- **Task item**
Would you please return the lines of the entries below starting at the line that has "Variables (F : finFieldType) (n : nat)." and ending at the line that has "move=> Yunit /set0Pn[y", both included, exactly as they are?

Records for processing START

(* Let $k\ge 2$ and let $K_{n_1,\ldots,n_k}$ be the complete $k$-partite graph with parts $V_1,\ldots,V_k$ and vertex set $V=V_1\cup\cdots\cup V_k$, where $n_i=|V_i|\ge 2$ for all $1\le i\le k$. Then the diameter of the 1-skeleton of $\mathrm{CUT}(K_{n_1,\ldots,n_k})$ equals $2$.
   Context: For an undirected graph $G=(V,E)$ and $S\subseteq V$, $\delta(S)\subseteq E$ denotes the set of edges with exactly one endpoint in $S$, and $\mathbf v(S)\in\{0,1\}^{E}$ is its incidence vector ($v(S)_e=1$ iff $e\in\delta(S)$). The cut polytope is $\mathrm{CUT}(G)=\operatorname{conv}\{\mathbf v(S):S\subseteq V\}\subset\mathbb R^{E}$. The 1-skeleton of a polytope is the graph whose vertices are the polytope's vertices and whose edges are its one-dimensional faces; the diameter is the maximum shortest-path edge distance between two vertices of this graph. *)

From HB Require Import structures.
From mathcomp Require Import all_boot all_order all_algebra.
From mathcomp Require Import reals.
Set Implicit Arguments. Unset Strict Implicit. Unset Printing Implicit Defensive.
Import Order.TTheory GRing.Theory Num.Theory.
Local Open Scope ring_scope.

Section Cut.
Variable V : finType.
(* a simple graph on V, given by its adjacency relation (only pairs u != v
   with adj u v count as edges) *)
Variable adj : rel V.

Definition is_edge (e : {set V}) : bool :=
  [exists u, exists v, [&& u != v, adj u v & e == [set u; v]]].

Definition edge := {e : {set V} | is_edge e}.

Variable R : realType.

Definition cutvec (S : {set V}) : edge -> R :=
  fun e => if #|val e :&: S| == 1%N then 1 else 0.
End Cut.

Section Polytope.
Variables (E : finType) (R : realType).

Definition dotp (c x : E -> R) : R := \sum_e c e * x e.

Definition conv (I : finType) (f : I -> E -> R) (x : E -> R) : Prop :=
  exists w : I -> R, (forall i, 0 <= w i) /\ \sum_i w i = 1 /\
    forall e, x e = \sum_i w i * f i e.

Definition is_face (P F : (E -> R) -> Prop) : Prop :=
  exists (c : E -> R) (d : R), (forall x, P x -> dotp c x <= d) /\
    forall x, F x <-> (P x /\ dotp c x = d).

Definition is_vertex (P : (E -> R) -> Prop) (p : E -> R) : Prop :=
  is_face P (fun x => x = p).

Definition segment (u v : E -> R) (x : E -> R) : Prop :=
  exists t : R, 0 <= t <= 1 /\ forall e, x e = (1 - t) * u e + t * v e.

Definition skel_adj (P : (E -> R) -> Prop) (u v : E -> R) : Prop :=
  is_vertex P u /\ is_vertex P v /\ u <> v /\ is_face P (segment u v).

Fixpoint skel_within (P : (E -> R) -> Prop) (m : nat) (u v : E -> R) : Prop :=
  match m with
  | 0 => u = v
  | m'.+1 => skel_within P m' u v \/
             exists w, skel_within P m' u w /\ skel_adj P w v
  end.

Definition skeleton_diameter (P : (E -> R) -> Prop) (d : nat) : Prop :=
  (forall u v, is_vertex P u -> is_vertex P v -> skel_within P d u v) /\
  (exists u v, is_vertex P u /\ is_vertex P v /\
     forall m, (m < d)%N -> ~ skel_within P m u v).
End Polytope.

Definition CUT (V : finType) (adj : rel V) (R : realType) :
  (edge adj -> R) -> Prop :=
  conv (fun S : {set V} => @cutvec V adj R S).

(* complete k-partite graph K_{n_1,...,n_k}: vertex (i, a) lies in part V_i *)
Definition mpvert (k : nat) (n : 'I_k -> nat) : finType := {i : 'I_k & 'I_(n i)}.

Definition multipartite (k : nat) (n : 'I_k -> nat) : rel (mpvert n) :=
  fun u v => tag u != tag v.

Arguments CUT {V} adj R.
Arguments multipartite : clear implicits.
(* The flag V >= A >= B (row spaces, B <= A).  A matrix x is
   "flag-trivial" when it acts trivially on V/A and on A/B and stabilises B;
   for two such elements the commutator moves V into B, so conjugation by
   flag-trivial elements preserves the class of x modulo B. *)
Section Flag.
Variables (F : fieldType) (n : nat) (A B : 'M[F]_n).
Implicit Types (x y z : 'M[F]_n).

Definition flag_trivial x : bool :=
  [&& (x - 1%:M <= A)%MS, (A *m (x - 1%:M) <= B)%MS & (B *m x <= B)%MS].

Definition flag_preserving z : bool := (A *m z <= A)%MS && (B *m z <= B)%MS.

Definition congr_mod x y : bool := (x - y <= B)%MS.

Lemma congr_mod_refl x : congr_mod x x.
Proof. by rewrite /congr_mod subrr sub0mx. Qed.

Lemma congr_mod_sym x y : congr_mod x y -> congr_mod y x.
Proof. by rewrite /congr_mod => xy; rewrite -opprB oppmx_sub. Qed.

Lemma congr_mod_trans x y z : congr_mod x y -> congr_mod y z -> congr_mod x z.
Proof.
rewrite /congr_mod => xy yz.
by rewrite -[x](subrK y) -addrA addmx_sub.
Qed.

Hypothesis BA : (B <= A)%MS.

Lemma flag_trivial_preserving x : flag_trivial x -> flag_preserving x.
Proof.
case/and3P=> x1A Ax1B Bx; rewrite /flag_preserving Bx andbT.
have -> : A *m x = A *m (x - 1%:M) + A by rewrite mulmxBr mulmx1 subrK.
by rewrite addmx_sub // (submx_trans Ax1B BA).
Qed.

Lemma flag_trivial_conj z x : z \in unitmx ->
  flag_preserving z -> flag_preserving (invmx z) -> flag_trivial x ->
  flag_trivial (z *m x *m invmx z).
Proof.
move=> uz /andP[Az Bz] /andP[Azi Bzi] /and3P[x1A Ax1B Bx].
rewrite /flag_trivial conj_sub1 //; apply/and3P; split.
- by rewrite -mulmxA mulmx_sub // (submxMr_trans x1A).
- by rewrite !mulmxA (submxMr_trans _ Bzi) // (submxMr_trans Az).
- by rewrite !mulmxA (submxMr_trans _ Bzi) // (submxMr_trans Bz).
Qed.

Lemma flag_commutator z x : z \in unitmx ->
  flag_trivial z -> flag_preserving (invmx z) -> flag_trivial x ->
  congr_mod (z *m x *m invmx z) x.
Proof.
move=> uz /and3P[z1A Az1B _] /andP[_ Bzi] /and3P[x1A Ax1B _]; rewrite /congr_mod.
have -> : z *m x *m invmx z - x = (z *m x - x *m z) *m invmx z.
  by rewrite mulmxBl -(mulmxA x) mulmxV // mulmx1.
rewrite (submxMr_trans _ Bzi) // commutator_sub1.
by rewrite subBmx_sub // (submxMr_trans z1A, submxMr_trans x1A).
Qed.

End Flag.

Section FlagGroup.
Variables (F : finFieldType) (n : nat) (A B : 'M[F]_n).
Implicit Types (u w x z : 'M[F]_n).

Definition flag_group : {set 'M[F]_n} :=
  [set x | [&& x \in unitmx, flag_trivial A B x & flag_trivial A B (invmx x)]].

Lemma flag_group_inv x : x \in flag_group -> invmx x \in flag_group.
Proof. by rewrite !inE unitmx_inv invmxK => /and3P[-> -> ->]. Qed.

Lemma flag_group_conj z x : z \in unitmx ->
  flag_preserving A B z -> flag_preserving A B (invmx z) ->
  x \in flag_group -> rop z x \in flag_group.
Proof.
move=> uz pz pzi; rewrite !inE => /and3P[ux tx txi].
have uzx : z *m x \in unitmx by rewrite unitmx_mul uz ux.
rewrite /rop unitmx_mul uzx unitmx_inv uz flag_trivial_conj //=.
by rewrite !invmxM ?unitmx_inv // invmxK mulmxA flag_trivial_conj.
Qed.

Definition flag_class u w : {set 'M[F]_n} :=
  [set x in conj_class u | (x \in flag_group) && congr_mod B x w].

Lemma flag_classE u w x : x \in flag_class u w =
  [&& x \in conj_class u, x \in flag_group & congr_mod B x w].
Proof. by rewrite inE. Qed.

Hypothesis BA : (B <= A)%MS.

Lemma flag_class_conj u w z x : z \in SLn F n -> z \in flag_group ->
  x \in flag_class u w -> rop z x \in flag_class u w.
Proof.
move=> zSL zK; rewrite !flag_classE => /and3P[xO xK xw].
move: (zK); rewrite inE => /and3P[uz tz tzi].
have [pz pzi] := (flag_trivial_preserving BA tz, flag_trivial_preserving BA tzi).
rewrite conj_class_conj //= flag_group_conj //=.
apply: congr_mod_trans xw; apply: (flag_commutator (A := A)) => //.
by move: xK; rewrite inE => /and3P[].
Qed.

End FlagGroup.

Section Racks.
Variables (F : finFieldType) (n : nat).
Implicit Types (Y T R S : {set 'M[F]_n}) (u x y : 'M[F]_n).

Definition conj_stable Y T : Prop :=
  {in Y & T, forall y x, rop y x \in T /\ rop (invmx y) x \in T}.

Lemma rop_invK y x : y \in unitmx -> rop y (rop (invmx y) x) = x.
Proof.
by move=> uy; rewrite /rop invmxK !mulmxA mulmxV // mul1mx mulmxK.
Qed.

(* A conjugation-stable T satisfies Y |> T = T, as x = y |> (y^-1 |> x). *)
Lemma ract_stable Y T : {subset Y <= unitmx} -> Y != set0 ->
  conj_stable Y T -> ract Y T = T.
Proof.
move=> Yunit /set0Pn[y yY] stT; apply/setP => x; apply/imset2P/idP.
  by case=> y' x' y'Y x'T ->; have [] := stT y' x' y'Y x'T.
move=> xT; exists y (rop (invmx y) x) => //; first by have [] := stT y x yY xT.
by rewrite rop_invK ?Yunit.
Qed.

Lemma stable_decomposition u R S : u \in SLn F n ->
  R \subset conj_class u -> S \subset conj_class u ->
  R != set0 -> S != set0 -> [disjoint R & S] ->
  conj_stable (R :|: S) R -> conj_stable (R :|: S) S ->
  decomposition (conj_class u) (R :|: S) R S.
Proof.
move=> uSL RO SO R0 S0 RS stR stS.
have YO : R :|: S \subset conj_class u by rewrite subUset RO SO.
have Yunit : {subset R :|: S <= unitmx}.
  by move=> y /(subsetP YO) /(conj_class_SL uSL) /SL_unit.
have Y0 : R :|: S != set0.
  by case/set0Pn: R0 => x xR; apply/set0Pn; exists x; rewrite inE xR.
have subrackT T : T \subset R :|: S -> conj_stable (R :|: S) T ->
    subrack (conj_class u) T.
  move=> TY stT; split; first exact: subset_trans YO.
  by move=> y x yT xT; have [] := stT y x (subsetP TY y yT) xT.
have YY : subrack (conj_class u) (R :|: S).
  split=> // y x yY; rewrite !inE => /orP[xR | xS].
  - by have [-> _] := stR y x yY xR.
  - by have [-> _] := stS y x yY xS; rewrite orbT.
split; first exact: YY.
split; first exact: subrackT (subsetUl R S) stR.
split; first exact: subrackT (subsetUr R S) stS.
by do 4 split=> //; split; apply: ract_stable.
Qed.

Lemma rop_braid x y : x \in unitmx -> y \in unitmx ->
  (rop x (rop y (rop x y)) == y) = (x *m y *m x *m y == y *m x *m y *m x).
Proof.
move=> ux uy; rewrite /rop !mulmxA; apply/eqP/eqP => E.
  by have := congr1 (fun M => M *m x *m y *m x) E; rewrite /= !mulmxKV.
by rewrite E !mulmxK.
Qed.

End Racks.

Lemma flag_typeD (F : finFieldType) n (A B u s : 'M[F]_n) :
  (B <= A)%MS -> u \in SLn F n -> u \in flag_group A B ->
  s \in conj_class u -> s \in flag_group A B -> ~~ congr_mod B s u ->
  rop u (rop s (rop u s)) != s -> type_D (conj_class u).
Proof.
move=> BA uSL uK sO sK su braid.
set R := flag_class A B u u; set S := flag_class A B u s.
have uR : u \in R by rewrite flag_classE conj_class_refl uK congr_mod_refl.
have sS : s \in S by rewrite flag_classE sO sK congr_mod_refl.
have classO w : flag_class A B u w \subset conj_class u.
  by apply/subsetP => x; rewrite flag_classE => /andP[].
have stable w : conj_stable (R :|: S) (flag_class A B u w).
  move=> y x yY xw; have [yO yK] : y \in conj_class u /\ y \in flag_group A B.
    by case/setUP: yY; rewrite flag_classE => /and3P[].
  have ySL := conj_class_SL uSL yO.
  by split; apply: flag_class_conj; rewrite ?SL_inv ?flag_group_inv.
exists (R :|: S), R, S; split; last by exists u => //; exists s.
apply: stable_decomposition => //; try exact: classO; try exact: stable.
- by apply/set0Pn; exists u.
- by apply/set0Pn; exists s.
rewrite -setI_eq0; apply/eqP/setP => x; rewrite in_setI !flag_classE in_set0.
apply/negP => /andP[/and3P[_ _ xu] /and3P[_ _ xs]].
by move/negP: su; apply; apply: congr_mod_trans (congr_mod_sym xs) xu.
Qed.

(* Given b with b N^2 outside the row space of N^3, two linear forms: the
   first kills the rows of N^2, the second those of N^3, and on the vectors
   b, b N they take the values 0, 1 and 0, 0 respectively, with the second
   form equal to 1 on b N^2.  Starting from a form f killing N^3 with
   f(b N^2) = 1, they are c1 = f(_ N) - f(b N) f(_ N^2) and
   c2 = f - f(b N) c1 - f(b) f(_ N^2). *)
Lemma twist_forms (F : fieldType) n (N : 'M[F]_n) (b : 'rV[F]_n) :
  ~~ (b *m N *m N <= N *m N *m N)%MS ->
  exists c1 c2 : 'cV[F]_n,
    [/\ forall x, ev c1 (x *m N *m N) = 0, ev c1 b = 0, ev c1 (b *m N) = 1,
        forall x, ev c2 (x *m N *m N *m N) = 0
      & [/\ ev c2 b = 0, ev c2 (b *m N) = 0 & ev c2 (b *m N *m N) = 1]].
Proof.
move=> bN2; have [f N3f fd2] := separating_form bN2.
have fN3 x : ev f (x *m N *m N *m N) = 0.
  by apply: ev_sub0 N3f _; rewrite -!mulmxA submxMl.
pose a1 := ev f (b *m N); pose a0 := ev f b.
pose c1 := N *m f - a1 *: (N *m N *m f).
have c1E x : ev c1 x = ev f (x *m N) - a1 * ev f (x *m N *m N).
  by rewrite ev_formB ev_formZ !ev_formM mulmxA.
have c1N2 x : ev c1 (x *m N *m N) = 0 by rewrite c1E fN3 (fN3 (x *m N)) mulr0 subr0.
have c1b : ev c1 b = 0 by rewrite c1E fd2 mulr1 subrr.
have c1bN : ev c1 (b *m N) = 1 by rewrite c1E fd2 fN3 mulr0 subr0.
clearbody c1; pose c2 := f - a1 *: c1 - a0 *: (N *m N *m f).
have c2E x : ev c2 x = ev f x - a1 * ev c1 x - a0 * ev f (x *m N *m N).
  by rewrite !ev_formB !ev_formZ ev_formM mulmxA.
exists c1, c2; split => //.
- by move=> x; rewrite c2E c1N2 fN3 (fN3 (x *m N *m N)) !mulr0 !subr0.
split.
- by rewrite c2E c1b fd2 mulr0 subr0 mulr1 subrr.
- by rewrite c2E c1bN fN3 mulr1 mulr0 subr0 subrr.
- by rewrite c2E c1N2 fN3 fd2 !mulr0 !subr0.
Qed.

Lemma twist_involution (F : fieldType) n (N : 'M[F]_n) (b : 'rV[F]_n) :
  ~~ (b *m N *m N <= N *m N *m N)%MS ->
  exists t : 'M[F]_n,
    [/\ \det t = 1, t *m t = 1%:M, flag_preserving N (N *m N) t, b *m t = b
      & [/\ b *m N *m t = - (b *m N), b *m N *m N *m t = - (b *m N *m N)
          & forall x : 'rV_n, (x <= N *m N *m N)%MS -> x *m t = x]].
Proof.
move=> bN2; have [c1 [c2 [c1N2 c1b c1d1 c2N3 [c2b c2d1 c2d2]]]] := twist_forms bN2.
have c1_N2 (x : 'rV_n) : (x <= N *m N)%MS -> ev c1 x = 0.
  by case/submxP=> y ->; rewrite mulmxA c1N2.
have c2_N3 (x : 'rV_n) : (x <= N *m N *m N)%MS -> ev c2 x = 0.
  by case/submxP=> y ->; rewrite !mulmxA c2N3.
have c1d2 := c1N2 b.
have d1N : (b *m N <= N)%MS by apply: submxMl.
have d2N2 : (b *m N *m N <= N *m N)%MS by rewrite -mulmxA submxMl.
have tE := refl2E c1 (b *m N *m N) c2d1.
exists (refl2 c1 c2 (b *m N) (b *m N *m N)); split.
- exact: det_refl2.
- exact: refl2_invol.
- apply/andP; split; apply/row_subP => i; rewrite row_mul tE.
    by rewrite !subBmx_sub ?scalemx_sub ?row_sub // (submx_trans d2N2) ?submxMl.
  by rewrite c1_N2 ?row_sub // mulr0 scale0r subr0 subBmx_sub ?scalemx_sub ?row_sub.
- by rewrite tE c1b c2b !mulr0 !scale0r !subr0.
split.
- rewrite tE c1d1 c2d1 mulr0 scale0r subr0 mulr1.
  by apply/rowP => k; rewrite !mxE; ring.
- rewrite tE c1d2 c2d2 mulr0 scale0r subr0 mulr1.
  by apply/rowP => k; rewrite !mxE; ring.
- have N3N2 : (N *m N *m N <= N *m N)%MS by rewrite -mulmxA submxMl.
  move=> x xN3; rewrite tE c2_N3 // c1_N2 ?(submx_trans xN3) //.
  by rewrite !mulr0 !scale0r !subr0.
Qed.

Lemma braid_defect (F : fieldType) n (u s : 'M[F]_n) (d0 d1 d2 d3 d4 : 'rV[F]_n) :
  d0 *m u = d0 + d1 -> d1 *m u = d1 + d2 -> d2 *m u = d2 + d3 ->
  d3 *m u = d3 + d4 ->
  d0 *m s = d0 - d1 -> d1 *m s = d1 + d2 -> d2 *m s = d2 - d3 ->
  d3 *m s = d3 + d4 ->
  d0 *m (u *m s *m u *m s) - d0 *m (s *m u *m s *m u) = 4%:R *: d2.
Proof.
move=> d0u d1u d2u d3u d0s d1s d2s d3s; rewrite !mulmxA.
rewrite !(mulmxDl, mulmxBl, mulNmx, d0u, d1u, d2u, d3u, d0s, d1s, d2s, d3s).
by apply/rowP => k; rewrite !mxE; ring.
Qed.

Section TwistedConjugate.
Variables (F : fieldType) (n : nat) (u t : 'M[F]_n) (b : 'rV[F]_n).
Local Notation N := (u - 1%:M).
Local Notation d1 := (b *m N).
Local Notation d2 := (d1 *m N).
Local Notation d3 := (d2 *m N).
Local Notation d4 := (d3 *m N).

Lemma unip_step (x : 'rV[F]_n) : x *m u = x + x *m N.
Proof. by rewrite mulmxBr mulmx1 addrC subrK. Qed.

Hypotheses (bt : b *m t = b) (d1t : d1 *m t = - d1) (d2t : d2 *m t = - d2).
Hypothesis N3t : forall x : 'rV_n, (x <= N *m N *m N)%MS -> x *m t = x.

Lemma twisted_steps :
  [/\ b *m (t *m u *m t) = b - d1, d1 *m (t *m u *m t) = d1 + d2,
      d2 *m (t *m u *m t) = d2 - d3 & d3 *m (t *m u *m t) = d3 + d4].
Proof.
have N3 (y : 'rV_n) : (y *m N *m N *m N <= N *m N *m N)%MS.
  by rewrite -!mulmxA submxMl.
have [d3t d4t] := (N3t (N3 b), N3t (N3 d1)).
by rewrite !mulmxA !unip_step !(mulmxDl, mulNmx, bt, d1t, d2t, d3t, d4t) !opprK.
Qed.

Hypothesis two_nz : (2%:R : F) != 0.
Hypothesis bN2 : ~~ (d2 <= N *m N *m N)%MS.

Records for processing END

- **Reply to the task**
Variables (F : finFieldType) (n : nat).
Implicit Types (Y T R S : {set 'M[F]_n}) (u x y : 'M[F]_n).

Definition conj_stable Y T : Prop :=
  {in Y & T, forall y x, rop y x \in T /\ rop (invmx y) x \in T}.

Lemma rop_invK y x : y \in unitmx -> rop y (rop (invmx y) x) = x.
Proof.
by move=> uy; rewrite /rop invmxK !mulmxA mulmxV // mul1mx mulmxK.
Qed.

(* A conjugation-stable T satisfies Y |> T = T, as x = y |> (y^-1 |> x). *)
Lemma ract_stable Y T : {subset Y <= unitmx} -> Y != set0 ->
  conj_stable Y T -> ract Y T = T.
Proof.
move=> Yunit /set0Pn[y yY] stT; apply/setP => x; apply/imset2P/idP.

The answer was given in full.